2009-06-19 Thread Cedric Knight
Michael Scheidell wrote:
> Main sleaze:  as in DKIM SIGNED, NOT FORGED, SPF RECORDS MATCH, some
> with and some without knowledge and adherence to the US Federal CAN-SPAM
> laws.

> Maybe I am stuck in 1994 when (most) people respected the net.  Maybe I
> react badly when one of these main-sleaze emails makes it past our
> filters, but the good news is that they help us identify third party
> email marketing companies that aren't careful about their clients.

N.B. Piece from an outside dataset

(* Let $T$ be a ranked monad on $\mathbf{Set}$. For each set $A$ and $t\in TA$ there is a locale map $[\![t]\!]\colon\mathrm{LB}_0T\to A\cdot\mathrm{LB}_0T$ determined by $[\![t]\!]^{-1}\langle a_0\mapsto[t_0]\rangle=[t\mapsto a_0]\wedge[t\gg t_0]$ for $a_0\in A$ and $t_0\in T2$; these make $\mathrm{LB}_0T$ a comodel of $T$ in $\mathbf{Loc}$, and this comodel is the terminal object of the category $\mathrm{Comod}_T(\mathbf{Loc})$ of $T$-comodels in $\mathbf{Loc}$.
   Context: A monad $T$ on $\mathbf{Set}$: sets $TA$, $\mathrm{return}\,a\in TA$, $\mathbin{\gg\!=}\colon TA\times(TB)^A\to TB$ with the monad laws; $t\gg s:=t\mathbin{\gg\!=}\lambda a.s$. Ranked: for some regular $\kappa$ every $t\in TA$ is $t'\mathbin{\gg\!=}\lambda i.\mathrm{return}\,f(i)$ with $t'\in TI$, $|I|<\kappa$. $2=\{0,1\}$. Locales: $\mathbf{Loc}$ is the opposite of the category of frames; $\mathcal{O}(L)$ the frame of $L$, $f^{-1}$ the frame map of a locale map $f$. The copower $A\cdot L$ (the $A$-fold coproduct in $\mathbf{Loc}$) has frame $\mathcal{O}(L)^A$, $\langle a\mapsto u\rangle$ denoting the element equal to $u$ at $a$ and $\bot$ elsewhere; $\upsilon_a\colon L\to A\cdot L$ are the injections. Comodels: a $T$-comodel in a category with copowers is an object $W$ with maps $[\![t]\!]\colon W\to A\cdot W$ for each $t\in TA$, such that $[\![\mathrm{return}\,a]\!]=\upsilon_a$ and $[\![t\mathbin{\gg\!=}u]\!]=[\![u]\!]\circ[\![t]\!]$ where for $u\colon A\to TB$, $[\![u]\!]:=[[\![u(a)]\!]]_{a\in A}\colon A\cdot W\to B\cdot W$. A comodel map $h\colon W\to W'$ satisfies $[\![t]\!]\circ h=(A\cdot h)\circ[\![t]\!]$ for all $t\in TA$. The behaviour locale $\mathrm{LB}_0T$: frame presented by generators $[b]$ ($b\in T2$) subject to, for all sets $A,B$, $t\in TA$, $u\colon A\to TB$, $a\ne a'\in A$, $b\in B$: $[t\mapsto a]\wedge[t\mapsto a']=\bot$, $[t\gg\mathrm{return}\,a\mapsto a]=\top$, $[t\mathbin{\gg\!=}u\mapsto b]=\bigvee_a[t\mapsto a]\wedge[t\gg u(a)\mapsto b]$, where $[t\mapsto a]:=[t\mathbin{\gg\!=}\lambda a'.\mathrm{return}(\delta_a(a'))]$ and $\delta_a(a')=1$ iff $a'=a$, $0$ otherwise. *)

From Stdlib Require Import ClassicalEpsilon FunctionalExtensionality.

I see similar things, and it annoys me quite a bit too.  In Europe, the
legal situation is somewhat different, as the Privacy & Electronic
Communications Regulations (PECR) outlaw sending unsolicited email to
individuals.  As a result, what I tend to see and get complaints about
is email from valid domains with proper rDNS and SPF which either:

(a) advertise generic scams to consumers such as draws for shopping
vouchers in UK stores or and recently loans and insurance comparison,
which come from the USA with a superficial compliance with "CANSPAM".
Notably, the postal address identifying the organisation (either in the
US or an accommodation address/mailbox supposedly in the UK such as "56
Gloucester Road #215") is presented as an image.  The servers are rented
from US-based companies.  I have some meta rules based on technical
details that help quarantine most of the crap.

(b) are from UK-based registered companies and ostensibly directed to
other businesses in the UK.  Many are for worthless sales training
webinars - I don't know if they teach more people how to send lots of
spam email.  An anonymous benefactor posts a useful monthly list of
spammers and their hosts called "UK spammers activity report June 2009"
on news:news.admin.net-abuse.email, usually leading with the notoriously
annoying and stupid Communicado/Bitesize/Britain in Business.  The list
can be used to block the ranges (often /24) used by the spammers.

What is notable from that list is that most IP addresses aren't in any
BL, except sometimes APEWS and BRBL, probably because BLs have few
spamtrap addresses that the spammer would want to add - there may be
some human intervention to verify that target domains are real users
(although of course you can't really send junk in bulk unless it is
automated.)

I guess these aren't quite as "vertical" as you describe, but there is
often some attempt at targeting the spam - sometimes it's clear the
spammer has included all email addresses from a web page that mentions,
say, a particular town or industry.  My understanding of mainsleaze is
that it comes from companies you might want to buy something from until
you get their spam - what I'm describing isn't quite like that and often
operates from a PO Box/accommodation address.  There are also, as you
mention, often third-party mailers that may still even be in Habeas or
similar cleanlists, although they increasingly become infiltrated, then
dominated, by clients who abuse the network.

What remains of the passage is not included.